- Ты чего? – спрашивает Ленка. – Давай!
- Но все смотрят!
- И что теперь? Какая разница?
Подруга начинает во всей голос петь одновременно с солистом, кричащим в моем ухе. Сначала встряхивает свои волосы, потом мои и, вновь сыграв на виртуальных барабанах, обнимает меня за плечи. Я стесняюсь. Правда, стесняюсь еще несколько секунд. Затем вдруг музыка становится тише, медленней и я, непроизвольно прислушавшись к словам, замираю: как и каждая вещь в мире, эта песня оказывается куда глубже, куда проникновенней, чем на первый взгляд может показаться. Вовсе не веселая, вовсе не быстрая, а полная какой-то безнадеги, трагедии. Мужчина и женщина так громко, так чувственно поют о том, что поймают друг друга, что спасут один другого, не предадут, не оставят. И мое сердце разрывается. Под кульминацию. Под взрыв аккордов, голосов и шума. Появляются новые, грустные ноты, переходы, разрезающие меня на части, слышу новые слова. И в песне не остается больше ничего веселого. Это крик, просьба: дай же мне свою любовь, я буду тебя ждать, дай же мне свою руку, я буду бороться за тебя. Смотрю на Лену, она смотрит на меня, и мы обе понимает, как много данные слова значат для каждой из нас.

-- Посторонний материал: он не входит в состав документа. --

(* Let $\mu$ be any weight in the weight lattice of $\Delta(\mathfrak k,\mathfrak t_f)$, let $\beta$ be the highest weight of the $\mathfrak k$-representation $\mathfrak p$, and let $0\le j\le s-1$. Then $$2\langle\rho_c,\ \{\mu-\rho_n^{(j)}\}-\{\mu-\beta-\rho_n^{(j)}\}\rangle\ \ge\ -2\langle\rho_c,\beta\rangle.$$
   Context: Setting: $G(\mathbb R)$ a real form of a complex connected simple group, Cartan involution $\theta$, $\mathfrak g=\mathfrak k\oplus\mathfrak p$ complexified Cartan decomposition, $\mathfrak h_f=\mathfrak t_f\oplus\mathfrak a_f$ the fundamental $\theta$-stable Cartan subalgebra ($\mathfrak t_{f,0}$ maximal abelian in $\mathfrak k_0$); assume $\mathfrak k$ has no center and $\mathfrak p$ is an irreducible $\mathfrak k$-module with highest weight $\beta$. $\langle\cdot,\cdot\rangle$ is induced by a fixed nondegenerate invariant form. Positive systems $\Delta^+(\mathfrak g,\mathfrak t_f)=\Delta^+(\mathfrak k,\mathfrak t_f)\cup\Delta^+(\mathfrak p,\mathfrak t_f)$ are fixed; $\rho_c$ is half the sum of $\Delta^+(\mathfrak k,\mathfrak t_f)$. With $C$, $C_{\mathfrak g}$ the dominant chambers of $\Delta^+(\mathfrak k,\mathfrak t_f)$, $\Delta^+(\mathfrak g,\mathfrak t_f)$, $W(\mathfrak g,\mathfrak t_f)^1=\{w: w(C_{\mathfrak g})\subseteq C\}=\{w^{(0)},\dots,w^{(s-1)}\}$ and $\rho_n^{(j)}$ is half the sum of $w^{(j)}\Delta^+(\mathfrak p,\mathfrak t_f)$. For a weight $\nu$, $\{\nu\}$ denotes the unique $\Delta^+(\mathfrak k,\mathfrak t_f)$-dominant element of $W(\mathfrak k,\mathfrak t_f)\nu$. *)

(* Abstract root-system model of the data
   (t_f^*, Delta(k,t_f), Delta(p,t_f), W(k,t_f), W(g,t_f), ...). *)
From HB Require Import structures.
From mathcomp Require Import all_boot all_order all_algebra.
Set Implicit Arguments. Unset Strict Implicit. Unset Printing Implicit Defensive.
Import Order.TTheory GRing.Theory Num.Theory.
Local Open Scope ring_scope.

Section RootData.
Variables (R : realFieldType) (n : nat).
Local Notation V := 'rV[R]_n.

Definition dot (u v : V) : R := \sum_(i < n) u ord0 i * v ord0 i.

Definition refl (a v : V) : V := v - ((2 * dot v a) / dot a a) *: a.

Inductive inW (S : seq V) : (V -> V) -> Prop :=
| inW_id : inW S id
| inW_step (a : V) (f : V -> V) : a \in S -> inW S f -> inW S (refl a \o f).

Definition integral_wrt (S : seq V) (x : V) : Prop :=
  forall a, a \in S -> exists z : int, 2 * dot x a / dot a a = z%:~R.

(* a (possibly non-reduced) crystallographic root system (roots listed
   with multiplicities allowed) *)
Definition root_system (S : seq V) : Prop :=
  [/\ 0 \notin S,
      forall a b, a \in S -> b \in S -> refl a b \in S &
      forall b, b \in S -> integral_wrt S b].

Definition reduced_root_system (S : seq V) : Prop :=
  [/\ uniq S, root_system S &
      forall a (c : R), a \in S -> c *: a \in S -> c = 1 \/ c = -1].

(* the roots span the space (k has no center, t_f Cartan of k) *)
Definition spans (S : seq V) : Prop :=
  forall v : V, (forall a, a \in S -> dot v a = 0) -> v = 0.

Definition regular (S : seq V) (h : V) : Prop := forall a, a \in S -> dot a h != 0.
Definition pos_sys (S : seq V) (h : V) : seq V := [seq a <- S | 0 < dot a h].

Definition half_sum (S : seq V) : V := 2^-1 *: \sum_(a <- S) a.

Definition dominant (P : seq V) (x : V) : Prop := forall a, a \in P -> 0 <= dot x a.
Definition in_chamber (P : seq V) (x : V) : Prop := forall a, a \in P -> 0 < dot x a.

Definition nat_span_le (P : seq V) (y x : V) : Prop :=
  exists c : V -> nat, x - y = \sum_(a <- P) (c a)%:R *: a.

(* beta is the highest weight of the module whose nonzero weights (with
   multiplicity) are Wt, relative to the positive system P *)
Definition highest_weight (P Wt : seq V) (beta : V) : Prop :=
  beta \in Wt /\ forall g, g \in Wt -> nat_span_le P g beta.

(* d = {nu}: d is the dominant (for P) element of the W(S)-orbit of nu *)
Definition dom_rep (S P : seq V) (nu d : V) : Prop :=
  (exists u, inW S u /\ d = u nu) /\ dominant P d.

End RootData.

From HB Require Import structures.
From mathcomp Require Import all_boot all_order all_algebra.
From mathcomp Require Import ring lra.
Set Implicit Arguments. Unset Strict Implicit. Unset Printing Implicit Defensive.
Import Order.TTheory GRing.Theory Num.Theory.
Local Open Scope ring_scope.

(* Write nu = mu - rho_n, so that d1 = {nu} and d2 = u (nu - beta) for some u
   in W(k).  Since rho_c is dominant, <rho_c, u nu> <= <rho_c, {nu}> for every
   u in W(k); hence <rho_c, d1 - d2> >= <rho_c, u beta>.  Now -u beta is again
   a weight of p, so beta - (-u beta) is a sum of positive compact roots and
   <rho_c, -u beta> <= <rho_c, beta>. *)

Section Dot.
Variables (R : realFieldType) (n : nat).
Implicit Types u v w : 'rV[R]_n.

Lemma dotC u v : dot u v = dot v u.
Proof. by apply: eq_bigr => i _; rewrite mulrC. Qed.

Lemma dotDr u v w : dot u (v + w) = dot u v + dot u w.
Proof. by rewrite /dot -big_split; apply: eq_bigr => i _; rewrite !mxE mulrDr. Qed.

Lemma dotZr u v k : dot u (k *: v) = k * dot u v.
Proof. by rewrite /dot mulr_sumr; apply: eq_bigr => i _; rewrite !mxE mulrCA. Qed.

Lemma dotNr u v : dot u (- v) = - dot u v.
Proof. by rewrite -scaleN1r dotZr mulN1r. Qed.

Lemma dotBr u v w : dot u (v - w) = dot u v - dot u w.
Proof. by rewrite dotDr dotNr. Qed.

Lemma dot0r u : dot u 0 = 0.
Proof. by rewrite /dot big1 // => i _; rewrite mxE mulr0. Qed.

Lemma dotZl u v k : dot (k *: v) u = k * dot v u.
Proof. by rewrite !(dotC _ u) dotZr. Qed.

Lemma dotNl u v : dot (- v) u = - dot v u.
Proof. by rewrite !(dotC _ u) dotNr. Qed.

Lemma dotBl u v w : dot (v - w) u = dot v u - dot w u.
Proof. by rewrite !(dotC _ u) dotBr. Qed.

Lemma dot_sumr u (s : seq 'rV[R]_n) (F : 'rV[R]_n -> 'rV[R]_n) :
  dot u (\sum_(a <- s) F a) = \sum_(a <- s) dot u (F a).
Proof. by elim: s => [|a s IH]; rewrite ?big_nil ?dot0r // !big_cons dotDr IH. Qed.

Lemma dot_suml u (s : seq 'rV[R]_n) (F : 'rV[R]_n -> 'rV[R]_n) :
  dot (\sum_(a <- s) F a) u = \sum_(a <- s) dot (F a) u.
Proof. by rewrite dotC dot_sumr; apply: eq_bigr => a _; rewrite dotC. Qed.

Lemma dot_ge0 u : 0 <= dot u u.
Proof. by rewrite sumr_ge0 // => i _; rewrite -expr2 sqr_ge0. Qed.

Lemma dot_gt0 u : u != 0 -> 0 < dot u u.
Proof.
move=> u0; rewrite lt_def dot_ge0 andbT; apply: contra u0 => /eqP uu0.
have sq0 := psumr_eq0P (fun i (_ : true) => sqr_ge0 (u ord0 i)) uu0.
by apply/eqP/rowP => i; rewrite mxE; apply/eqP; rewrite -sqrf_eq0; apply/eqP/sq0.
Qed.

Lemma dot_neq0 (S : seq 'rV[R]_n) a : 0 \notin S -> a \in S -> dot a a != 0.
Proof. by move=> S0 aS; rewrite gt_eqF // dot_gt0 //; apply: contraNneq S0 => <-. Qed.

End Dot.

Section Reflections.
Variables (R : realFieldType) (n : nat).
Implicit Types a x y : 'rV[R]_n.

Lemma refl_iso a x y : dot a a != 0 -> dot (refl a x) (refl a y) = dot x y.
Proof. by move=> a0; rewrite /refl !(dotBl, dotBr, dotZl, dotZr) (dotC a y); field. Qed.

Lemma refl_invol a x : dot a a != 0 -> refl a (refl a x) = x.
Proof.
move=> a0; rewrite {1}/refl dotBl dotZl.
set c := 2 * dot x a / dot a a.
have -> : 2 * (dot x a - c * dot a a) / dot a a = - c by rewrite /c; field.
by rewrite /refl -/c scaleNr opprK subrK.
Qed.

Lemma refl_self a : dot a a != 0 -> refl a a = - a.
Proof.
move=> a0; rewrite /refl.
have -> : 2 * dot a a / dot a a = 2 by field.
by rewrite scaler_nat mulr2n opprD addNKr.
Qed.

Lemma reflB a x y : refl a (x - y) = refl a x - refl a y.
Proof.
rewrite /refl dotBl mulrBr mulrBl scalerBl opprB.
by apply/rowP => i; rewrite !mxE; ring.
Qed.

Lemma reflN a x : refl a (- x) = - refl a x.
Proof. by rewrite /refl dotNl !mulrN !mulNr scaleNr opprD opprK. Qed.

Lemma refl_perm_eq (S : seq 'rV[R]_n) a :
  uniq S -> dot a a != 0 -> (forall b, b \in S -> refl a b \in S) ->
  perm_eq (map (refl a) S) S.
Proof.
move=> uS a0 reflS; apply: uniq_perm => //.
  by rewrite map_inj_uniq // => x y /(congr1 (refl a)); rewrite !refl_invol.
move=> x; apply/mapP/idP => [[y yS ->]|xS]; first exact: reflS.
by exists (refl a x); rewrite ?refl_invol ?reflS.
Qed.

End Reflections.

Section WeylGroup.
Variables (R : realFieldType) (n : nat) (S : seq 'rV[R]_n).

Lemma inW_comp f g : inW S f -> inW S g -> inW S (f \o g).
Proof. by move=> Wf Wg; elim: Wf => // a f' aS _ Wf'g; apply: inW_step. Qed.

Lemma inW_refl a : a \in S -> inW S (refl a).
Proof. by move=> aS; apply: (inW_step aS (inW_id S)). Qed.

Lemma inWB u : inW S u -> forall x y, u (x - y) = u x - u y.
Proof. by elim=> [|a f aS _ IH] x y //=; rewrite IH reflB. Qed.

Lemma inWN u : inW S u -> forall x, u (- x) = - u x.
Proof. by elim=> [|a f aS _ IH] x //=; rewrite IH reflN. Qed.

Lemma inW_perm_eq (L : seq 'rV[R]_n) u :
  (forall a, a \in S -> perm_eq (map (refl a) L) L) ->
  inW S u -> perm_eq (map u L) L.
Proof.
move=> reflL; elim=> [|a f aS _ IH]; first by rewrite map_id.
by rewrite map_comp (perm_trans _ (reflL a aS)) // perm_map.
Qed.

Lemma inW_mem (L : seq 'rV[R]_n) u x :
  (forall a, a \in S -> perm_eq (map (refl a) L) L) ->
  inW S u -> x \in L -> u x \in L.
Proof. by move=> reflL Wu xL; rewrite -(perm_mem (inW_perm_eq reflL Wu)) map_f. Qed.

Hypothesis S_nondeg : forall a, a \in S -> dot a a != 0.

Lemma inW_iso u : inW S u -> forall x y, dot (u x) (u y) = dot x y.
Proof. by elim=> [|a f aS _ IH] x y //=; rewrite refl_iso ?S_nondeg // IH. Qed.

Lemma inW_inv u : inW S u -> exists2 u', inW S u' & cancel u u'.
Proof.
elim=> [|a f aS _ [f' Wf' ff']]; first by exists id; [apply: inW_id|].
exists (f' \o refl a); first exact: inW_comp Wf' (inW_refl aS).
by move=> x /=; rewrite refl_invol ?S_nondeg.
Qed.

End WeylGroup.

Section PositiveSystem.
Variables (R : realFieldType) (n : nat) (S : seq 'rV[R]_n) (h : 'rV[R]_n).
Hypotheses (S_uniq : uniq S) (S_neq0 : 0 \notin S)
  (S_refl : forall a b, a \in S -> b \in S -> refl a b \in S)
  (S_reg : regular S h).

Local Notation P := (pos_sys S h).
Local Notation rho := (half_sum P).

Lemma root_nondeg a : a \in S -> dot a a != 0.
Proof. exact: dot_neq0. Qed.

Lemma root_opp a : a \in S -> - a \in S.
Proof. by move=> aS; rewrite -refl_self ?root_nondeg ?S_refl. Qed.

Lemma weyl_perm_eq u : inW S u -> perm_eq (map u S) S.
Proof.
apply: inW_perm_eq => r rS.
by apply: refl_perm_eq S_uniq (root_nondeg rS) _ => b; apply: S_refl.
Qed.

(* Each root of S is either positive or the negative of a positive root. *)
Lemma big_pos_sys_opp (F : 'rV[R]_n -> R) :
  \sum_(a <- S) F a = \sum_(a <- P) (F a + F (- a)).
Proof.
rewrite big_split /= (bigID (fun a => 0 < dot a h)) /= -big_filter; congr (_ + _).
rewrite -(big_map -%R xpredT) -big_filter; apply: perm_big; apply: uniq_perm.
- exact: filter_uniq.
- by rewrite (map_inj_uniq oppr_inj) filter_uniq.
move=> x; rewrite -{2}(opprK x) (mem_map oppr_inj) !mem_filter /= dotNl oppr_gt0.
case xS: (x \in S); last first.
  by rewrite !andbF; apply/esym/negP => /andP[_ /root_opp]; rewrite opprK xS.
by rewrite root_opp // !andbT -leNgt le_eqVlt (negbTE (S_reg xS)).
Qed.

Lemma big_even_pos_sys (F : 'rV[R]_n -> R) :
  (forall a, F (- a) = F a) -> \sum_(a <- S) F a = (\sum_(a <- P) F a) *+ 2.
Proof.
move=> F_even; rewrite big_pos_sys_opp.
by under eq_bigr do rewrite F_even; rewrite big_split mulr2n.
Qed.

(* Compare sums of |<v b, d>| and |<b, d>| over all of S, where v permutes S. *)
Lemma sum_dot_odd_perm_le d (v : 'rV[R]_n -> 'rV[R]_n) :
  dominant P d -> perm_eq (map v S) S -> (forall a, v (- a) = - v a) ->
  \sum_(b <- P) dot (v b) d <= \sum_(b <- P) dot b d.
Proof.
move=> dom_d vS vN.
have : \sum_(a <- S) `|dot (v a) d| = \sum_(a <- S) `|dot a d|.
  by rewrite -(big_map v xpredT (fun a => `|dot a d|)); apply: perm_big.
rewrite !big_even_pos_sys => [|a|a]; rewrite ?vN ?dotNl ?normrN //.
have abs_dot b : b \in P -> `|dot b d| = dot b d.
  by move=> bP; rewrite ger0_norm // dotC dom_d.
rewrite (eq_big_seq _ abs_dot) => sum_abs_eq.
have : \sum_(b <- P) dot (v b) d <= \sum_(b <- P) `|dot (v b) d|.
  by apply: ler_sum => b _; apply: ler_norm.
rewrite !mulr2n in sum_abs_eq; lra.
Qed.

Lemma half_sum_pos_dominant : dominant P rho.
Proof.
move=> a; rewrite mem_filter => /andP[a_h aS].
have a0 := root_nondeg aS.
have dom_h : dominant P h by move=> b; rewrite mem_filter dotC => /andP[/ltW].
have := sum_dot_odd_perm_le dom_h (weyl_perm_eq (inW_refl aS)) (reflN a).
have -> : \sum_(b <- P) dot (refl a b) h =
    \sum_(b <- P) dot b h - (2 / dot a a * dot a h) * \sum_(b <- P) dot b a.
  by rewrite mulr_sumr -sumrB; apply: eq_bigr => b _; rewrite dotBl dotZl; ring.
have c_gt0 : 0 < 2 / dot a a * dot a h.
  by rewrite !mulr_gt0 // invr_gt0 lt_def a0 dot_ge0.
rewrite gerBl (pmulr_rge0 _ c_gt0) => sum_ge0.
by rewrite dotZl dot_suml mulr_ge0 ?invr_ge0.
Qed.

Lemma dot_half_sum_weyl_le d u :
  dominant P d -> inW S u -> dot rho (u d) <= dot rho d.
Proof.
move=> dom_d Wu; have [u' Wu' uK] := inW_inv root_nondeg Wu.
rewrite !dotZl !dot_suml ler_wpM2l ?invr_ge0 //.
under eq_bigr => b _ do rewrite -(inW_iso root_nondeg Wu' b) uK.
exact: sum_dot_odd_perm_le dom_d (weyl_perm_eq Wu') (inWN Wu').
Qed.

Lemma dot_half_sum_dom_rep_le x d v :
  dom_rep S P x d -> inW S v -> dot rho (v x) <= dot rho d.
Proof.
move=> [[u [Wu ->]] dom_d] Wv; have [u' Wu' uK] := inW_inv root_nondeg Wu.
by rewrite -[in v x](uK x); apply: dot_half_sum_weyl_le (inW_comp Wv Wu').
Qed.

End PositiveSystem.

Lemma dominant_highest_weight_le (R : realFieldType) n (P Wt : seq 'rV[R]_n) x beta g :
  dominant P x -> highest_weight P Wt beta -> g \in Wt -> dot x g <= dot x beta.
Proof.
move=> dom_x [_ hw] gWt; rewrite -subr_ge0 -dotBr; have [c ->] := hw g gWt.
by rewrite dot_sumr big_seq sumr_ge0 // => a aP; rewrite dotZr mulr_ge0 ?dom_x.
Qed.

Lemma weight_opp (R : realFieldType) n (Dk Dp : seq 'rV[R]_n) g :
  root_system (Dk ++ Dp) -> 0 \notin Dp ->
  (forall a, a \in Dk -> perm_eq (map (refl a) Dp) Dp) ->
  g \in Dp -> - g \in Dp.
Proof.
move=> [_ reflG _] Dp0 reflDp gDp; have g0 := dot_neq0 Dp0 gDp.
have : refl g g \in Dk ++ Dp by apply: reflG; rewrite mem_cat gDp orbT.
rewrite refl_self // mem_cat => /orP[ngDk|] //.
have <- : refl (- g) g = - g.
  by rewrite -[X in refl _ X]opprK reflN refl_self ?opprK // dotNl dotNr opprK.
exact: inW_mem reflDp (inW_refl ngDk) gDp.
Qed.

Unset Implicit Arguments.

Theorem mainTheorem8 (R : realFieldType) (n : nat)
    (Dk Dp : seq 'rV[R]_n) (h beta mu d1 d2 : 'rV[R]_n)
    (w : 'rV[R]_n -> 'rV[R]_n) :
  reduced_root_system Dk ->
  spans Dk ->
  root_system (Dk ++ Dp) ->
  0 \notin Dp ->
  (forall a, a \in Dk -> perm_eq (map (refl a) Dp) Dp) ->
  regular (Dk ++ Dp) h ->
  highest_weight (pos_sys Dk h) Dp beta ->
  integral_wrt Dk mu ->
  inW (Dk ++ Dp) w ->
  (forall x, in_chamber (pos_sys (Dk ++ Dp) h) x ->
             in_chamber (pos_sys Dk h) (w x)) ->
  dom_rep Dk (pos_sys Dk h) (mu - half_sum (map w (pos_sys Dp h))) d1 ->
  dom_rep Dk (pos_sys Dk h) (mu - beta - half_sum (map w (pos_sys Dp h))) d2 ->
  2 * dot (half_sum (pos_sys Dk h)) (d1 - d2)
    >= - (2 * dot (half_sum (pos_sys Dk h)) beta).
Proof.
move=> [uDk [Dk0 reflDk _] _] _ rsG Dp0 reflDp regG hw _ _ _ rep1 [[u [Wu ->]] _].
set nu := mu - half_sum _ in rep1 *; set rho := half_sum _.
have regDk : regular Dk h by move=> a aDk; apply: regG; rewrite mem_cat aDk.
have d1_ge := dot_half_sum_dom_rep_le uDk Dk0 reflDk regDk rep1 Wu.
have d2E : u (mu - beta - half_sum (map w (pos_sys Dp h))) = u nu - u beta.
  by rewrite -(inWB Wu) addrAC.
have rho_dom := half_sum_pos_dominant uDk Dk0 reflDk regDk.
have u_beta_ge := dominant_highest_weight_le rho_dom hw
  (weight_opp rsG Dp0 reflDp (inW_mem reflDp Wu (proj1 hw))).
rewrite d2E !dotBr in d1_ge u_beta_ge *; rewrite dotNr in u_beta_ge.
lra.
Qed.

Песня заканчивается, мы больше не двигаемся, не поем, не обращаем внимания на окружающих. Просто продолжаем передавать свои мысли по воздуху, наблюдая за собственным отражением в глазах друг у друга. Возможно, в этой песне нет ничего особенного и остальные не найдут в ней ничего чувственного, сокровенного. Но сейчас, в эту самую минуту, она раскрывает во мне нечто новое, удивительное, что бывает достаточно редко: с мурашками, с перехватывающим дыханием, и я обожаю данное ощущение. Улыбаюсь и думаю: неплохо было бы включить эту песню в список Арины.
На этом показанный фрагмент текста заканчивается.